**Task description**
Because the material must match the original, reproduce every line of it exactly.

**Information shown**
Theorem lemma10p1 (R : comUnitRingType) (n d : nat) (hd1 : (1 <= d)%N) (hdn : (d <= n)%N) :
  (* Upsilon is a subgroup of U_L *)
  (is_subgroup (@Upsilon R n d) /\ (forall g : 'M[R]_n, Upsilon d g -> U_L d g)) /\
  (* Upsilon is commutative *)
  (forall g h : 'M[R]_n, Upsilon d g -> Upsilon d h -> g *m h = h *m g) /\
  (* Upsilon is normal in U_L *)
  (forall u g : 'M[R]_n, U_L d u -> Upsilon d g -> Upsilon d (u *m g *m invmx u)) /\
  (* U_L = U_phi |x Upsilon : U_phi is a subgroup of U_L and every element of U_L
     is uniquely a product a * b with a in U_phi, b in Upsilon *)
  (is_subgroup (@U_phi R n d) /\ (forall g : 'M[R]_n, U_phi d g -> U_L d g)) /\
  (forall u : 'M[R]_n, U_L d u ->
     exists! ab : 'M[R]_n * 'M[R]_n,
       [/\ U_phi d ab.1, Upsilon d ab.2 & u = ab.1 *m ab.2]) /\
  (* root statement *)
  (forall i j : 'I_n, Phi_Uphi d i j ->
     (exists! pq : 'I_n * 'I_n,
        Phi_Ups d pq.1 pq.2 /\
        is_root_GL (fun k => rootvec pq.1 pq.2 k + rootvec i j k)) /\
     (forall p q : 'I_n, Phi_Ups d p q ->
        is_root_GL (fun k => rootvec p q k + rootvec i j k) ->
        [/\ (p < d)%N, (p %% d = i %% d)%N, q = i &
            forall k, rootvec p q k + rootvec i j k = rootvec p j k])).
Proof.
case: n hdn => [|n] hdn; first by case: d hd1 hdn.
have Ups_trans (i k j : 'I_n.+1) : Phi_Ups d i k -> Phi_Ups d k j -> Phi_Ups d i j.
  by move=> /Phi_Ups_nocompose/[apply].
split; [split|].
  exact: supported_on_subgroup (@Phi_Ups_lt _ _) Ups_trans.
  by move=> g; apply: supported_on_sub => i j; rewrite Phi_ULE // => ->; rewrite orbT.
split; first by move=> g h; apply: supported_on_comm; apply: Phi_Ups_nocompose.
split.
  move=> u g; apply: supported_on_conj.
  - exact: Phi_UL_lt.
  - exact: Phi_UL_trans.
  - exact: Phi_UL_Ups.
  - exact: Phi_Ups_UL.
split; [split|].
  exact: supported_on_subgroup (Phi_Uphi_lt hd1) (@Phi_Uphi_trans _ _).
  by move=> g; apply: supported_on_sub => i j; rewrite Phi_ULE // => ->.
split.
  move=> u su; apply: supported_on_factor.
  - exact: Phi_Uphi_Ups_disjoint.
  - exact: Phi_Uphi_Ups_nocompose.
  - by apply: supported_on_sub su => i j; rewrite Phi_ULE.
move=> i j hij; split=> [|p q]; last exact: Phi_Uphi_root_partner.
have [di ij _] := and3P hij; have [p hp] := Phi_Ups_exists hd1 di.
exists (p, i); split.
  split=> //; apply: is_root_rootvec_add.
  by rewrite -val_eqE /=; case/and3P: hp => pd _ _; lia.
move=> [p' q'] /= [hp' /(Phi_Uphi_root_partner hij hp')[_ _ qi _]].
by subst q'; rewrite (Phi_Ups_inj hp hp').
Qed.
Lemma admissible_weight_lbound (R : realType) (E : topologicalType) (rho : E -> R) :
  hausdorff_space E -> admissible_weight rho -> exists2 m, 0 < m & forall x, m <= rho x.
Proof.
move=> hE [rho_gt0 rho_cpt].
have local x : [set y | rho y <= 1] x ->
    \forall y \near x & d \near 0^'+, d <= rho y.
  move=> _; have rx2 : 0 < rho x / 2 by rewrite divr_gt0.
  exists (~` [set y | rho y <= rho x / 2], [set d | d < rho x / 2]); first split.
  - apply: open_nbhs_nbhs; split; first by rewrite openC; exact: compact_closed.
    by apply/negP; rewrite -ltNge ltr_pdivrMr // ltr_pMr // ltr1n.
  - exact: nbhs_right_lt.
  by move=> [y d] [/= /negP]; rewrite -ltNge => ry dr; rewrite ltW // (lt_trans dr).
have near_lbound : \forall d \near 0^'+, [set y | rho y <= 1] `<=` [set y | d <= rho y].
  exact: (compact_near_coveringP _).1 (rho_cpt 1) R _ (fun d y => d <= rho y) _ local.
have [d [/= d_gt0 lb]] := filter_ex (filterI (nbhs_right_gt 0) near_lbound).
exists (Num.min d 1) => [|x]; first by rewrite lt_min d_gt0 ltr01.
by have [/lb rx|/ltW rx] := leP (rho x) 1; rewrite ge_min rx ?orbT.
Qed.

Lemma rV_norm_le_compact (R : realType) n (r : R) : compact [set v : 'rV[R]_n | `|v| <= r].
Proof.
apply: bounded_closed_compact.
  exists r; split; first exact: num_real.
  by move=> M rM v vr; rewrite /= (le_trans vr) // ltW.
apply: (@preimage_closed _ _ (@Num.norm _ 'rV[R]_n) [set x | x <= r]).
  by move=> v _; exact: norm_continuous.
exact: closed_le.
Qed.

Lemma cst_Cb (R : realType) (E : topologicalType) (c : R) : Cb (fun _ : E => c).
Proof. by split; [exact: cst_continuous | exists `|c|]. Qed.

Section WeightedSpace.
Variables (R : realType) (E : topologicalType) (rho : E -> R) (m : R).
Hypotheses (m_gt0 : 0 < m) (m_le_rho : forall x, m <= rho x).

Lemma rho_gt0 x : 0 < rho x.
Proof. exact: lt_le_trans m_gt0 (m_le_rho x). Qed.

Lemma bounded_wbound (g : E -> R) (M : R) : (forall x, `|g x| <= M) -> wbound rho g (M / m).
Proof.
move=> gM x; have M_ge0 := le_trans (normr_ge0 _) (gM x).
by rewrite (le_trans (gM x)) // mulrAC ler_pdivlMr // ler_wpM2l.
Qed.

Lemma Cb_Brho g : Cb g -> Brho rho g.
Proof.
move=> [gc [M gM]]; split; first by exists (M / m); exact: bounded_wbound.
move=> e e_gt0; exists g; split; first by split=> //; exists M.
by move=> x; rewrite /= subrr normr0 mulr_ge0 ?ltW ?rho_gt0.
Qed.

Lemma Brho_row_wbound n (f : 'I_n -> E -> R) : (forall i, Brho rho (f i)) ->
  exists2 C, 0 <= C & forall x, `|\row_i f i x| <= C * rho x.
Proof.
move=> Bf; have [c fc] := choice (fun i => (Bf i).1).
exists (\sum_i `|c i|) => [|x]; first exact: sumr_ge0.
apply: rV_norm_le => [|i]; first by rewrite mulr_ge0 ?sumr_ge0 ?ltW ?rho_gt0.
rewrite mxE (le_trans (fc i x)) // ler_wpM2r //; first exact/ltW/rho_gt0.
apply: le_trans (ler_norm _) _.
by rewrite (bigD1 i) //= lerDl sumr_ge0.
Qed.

**Result of the task**
Theorem lemma10p1 (R : comUnitRingType) (n d : nat) (hd1 : (1 <= d)%N) (hdn : (d <= n)%N) :
  (* Upsilon is a subgroup of U_L *)
  (is_subgroup (@Upsilon R n d) /\ (forall g : 'M[R]_n, Upsilon d g -> U_L d g)) /\
  (* Upsilon is commutative *)
  (forall g h : 'M[R]_n, Upsilon d g -> Upsilon d h -> g *m h = h *m g) /\
  (* Upsilon is normal in U_L *)
  (forall u g : 'M[R]_n, U_L d u -> Upsilon d g -> Upsilon d (u *m g *m invmx u)) /\
  (* U_L = U_phi |x Upsilon : U_phi is a subgroup of U_L and every element of U_L
     is uniquely a product a * b with a in U_phi, b in Upsilon *)
  (is_subgroup (@U_phi R n d) /\ (forall g : 'M[R]_n, U_phi d g -> U_L d g)) /\
  (forall u : 'M[R]_n, U_L d u ->
     exists! ab : 'M[R]_n * 'M[R]_n,
       [/\ U_phi d ab.1, Upsilon d ab.2 & u = ab.1 *m ab.2]) /\
  (* root statement *)
  (forall i j : 'I_n, Phi_Uphi d i j ->
     (exists! pq : 'I_n * 'I_n,
        Phi_Ups d pq.1 pq.2 /\
        is_root_GL (fun k => rootvec pq.1 pq.2 k + rootvec i j k)) /\
     (forall p q : 'I_n, Phi_Ups d p q ->
        is_root_GL (fun k => rootvec p q k + rootvec i j k) ->
        [/\ (p < d)%N, (p %% d = i %% d)%N, q = i &
            forall k, rootvec p q k + rootvec i j k = rootvec p j k])).
Proof.
case: n hdn => [|n] hdn; first by case: d hd1 hdn.
have Ups_trans (i k j : 'I_n.+1) : Phi_Ups d i k -> Phi_Ups d k j -> Phi_Ups d i j.
  by move=> /Phi_Ups_nocompose/[apply].
split; [split|].
  exact: supported_on_subgroup (@Phi_Ups_lt _ _) Ups_trans.
  by move=> g; apply: supported_on_sub => i j; rewrite Phi_ULE // => ->; rewrite orbT.
split; first by move=> g h; apply: supported_on_comm; apply: Phi_Ups_nocompose.
split.
  move=> u g; apply: supported_on_conj.
  - exact: Phi_UL_lt.
  - exact: Phi_UL_trans.
  - exact: Phi_UL_Ups.
  - exact: Phi_Ups_UL.
split; [split|].
  exact: supported_on_subgroup (Phi_Uphi_lt hd1) (@Phi_Uphi_trans _ _).
  by move=> g; apply: supported_on_sub => i j; rewrite Phi_ULE // => ->.
split.
  move=> u su; apply: supported_on_factor.
  - exact: Phi_Uphi_Ups_disjoint.
  - exact: Phi_Uphi_Ups_nocompose.
  - by apply: supported_on_sub su => i j; rewrite Phi_ULE.
move=> i j hij; split=> [|p q]; last exact: Phi_Uphi_root_partner.
have [di ij _] := and3P hij; have [p hp] := Phi_Ups_exists hd1 di.
exists (p, i); split.
  split=> //; apply: is_root_rootvec_add.
  by rewrite -val_eqE /=; case/and3P: hp => pd _ _; lia.
move=> [p' q'] /= [hp' /(Phi_Uphi_root_partner hij hp')[_ _ qi _]].
by subst q'; rewrite (Phi_Ups_inj hp hp').
Qed.
Lemma admissible_weight_lbound (R : realType) (E : topologicalType) (rho : E -> R) :
  hausdorff_space E -> admissible_weight rho -> exists2 m, 0 < m & forall x, m <= rho x.
Proof.
move=> hE [rho_gt0 rho_cpt].
have local x : [set y | rho y <= 1] x ->
    \forall y \near x & d \near 0^'+, d <= rho y.
  move=> _; have rx2 : 0 < rho x / 2 by rewrite divr_gt0.
  exists (~` [set y | rho y <= rho x / 2], [set d | d < rho x / 2]); first split.
  - apply: open_nbhs_nbhs; split; first by rewrite openC; exact: compact_closed.
    by apply/negP; rewrite -ltNge ltr_pdivrMr // ltr_pMr // ltr1n.
  - exact: nbhs_right_lt.
  by move=> [y d] [/= /negP]; rewrite -ltNge => ry dr; rewrite ltW // (lt_trans dr).
have near_lbound : \forall d \near 0^'+, [set y | rho y <= 1] `<=` [set y | d <= rho y].
  exact: (compact_near_coveringP _).1 (rho_cpt 1) R _ (fun d y => d <= rho y) _ local.
have [d [/= d_gt0 lb]] := filter_ex (filterI (nbhs_right_gt 0) near_lbound).
exists (Num.min d 1) => [|x]; first by rewrite lt_min d_gt0 ltr01.
by have [/lb rx|/ltW rx] := leP (rho x) 1; rewrite ge_min rx ?orbT.
Qed.

Lemma rV_norm_le_compact (R : realType) n (r : R) : compact [set v : 'rV[R]_n | `|v| <= r].
Proof.
apply: bounded_closed_compact.
  exists r; split; first exact: num_real.
  by move=> M rM v vr; rewrite /= (le_trans vr) // ltW.
apply: (@preimage_closed _ _ (@Num.norm _ 'rV[R]_n) [set x | x <= r]).
  by move=> v _; exact: norm_continuous.
exact: closed_le.
Qed.

Lemma cst_Cb (R : realType) (E : topologicalType) (c : R) : Cb (fun _ : E => c).
Proof. by split; [exact: cst_continuous | exists `|c|]. Qed.

Section WeightedSpace.
Variables (R : realType) (E : topologicalType) (rho : E -> R) (m : R).
Hypotheses (m_gt0 : 0 < m) (m_le_rho : forall x, m <= rho x).

Lemma rho_gt0 x : 0 < rho x.
Proof. exact: lt_le_trans m_gt0 (m_le_rho x). Qed.

Lemma bounded_wbound (g : E -> R) (M : R) : (forall x, `|g x| <= M) -> wbound rho g (M / m).
Proof.
move=> gM x; have M_ge0 := le_trans (normr_ge0 _) (gM x).
by rewrite (le_trans (gM x)) // mulrAC ler_pdivlMr // ler_wpM2l.
Qed.

Lemma Cb_Brho g : Cb g -> Brho rho g.
Proof.
move=> [gc [M gM]]; split; first by exists (M / m); exact: bounded_wbound.
move=> e e_gt0; exists g; split; first by split=> //; exists M.
by move=> x; rewrite /= subrr normr0 mulr_ge0 ?ltW ?rho_gt0.
Qed.

Lemma Brho_row_wbound n (f : 'I_n -> E -> R) : (forall i, Brho rho (f i)) ->
  exists2 C, 0 <= C & forall x, `|\row_i f i x| <= C * rho x.
Proof.
move=> Bf; have [c fc] := choice (fun i => (Bf i).1).
exists (\sum_i `|c i|) => [|x]; first exact: sumr_ge0.
apply: rV_norm_le => [|i]; first by rewrite mulr_ge0 ?sumr_ge0 ?ltW ?rho_gt0.
rewrite mxE (le_trans (fc i x)) // ler_wpM2r //; first exact/ltW/rho_gt0.
apply: le_trans (ler_norm _) _.
by rewrite (bigD1 i) //= lerDl sumr_ge0.
Qed.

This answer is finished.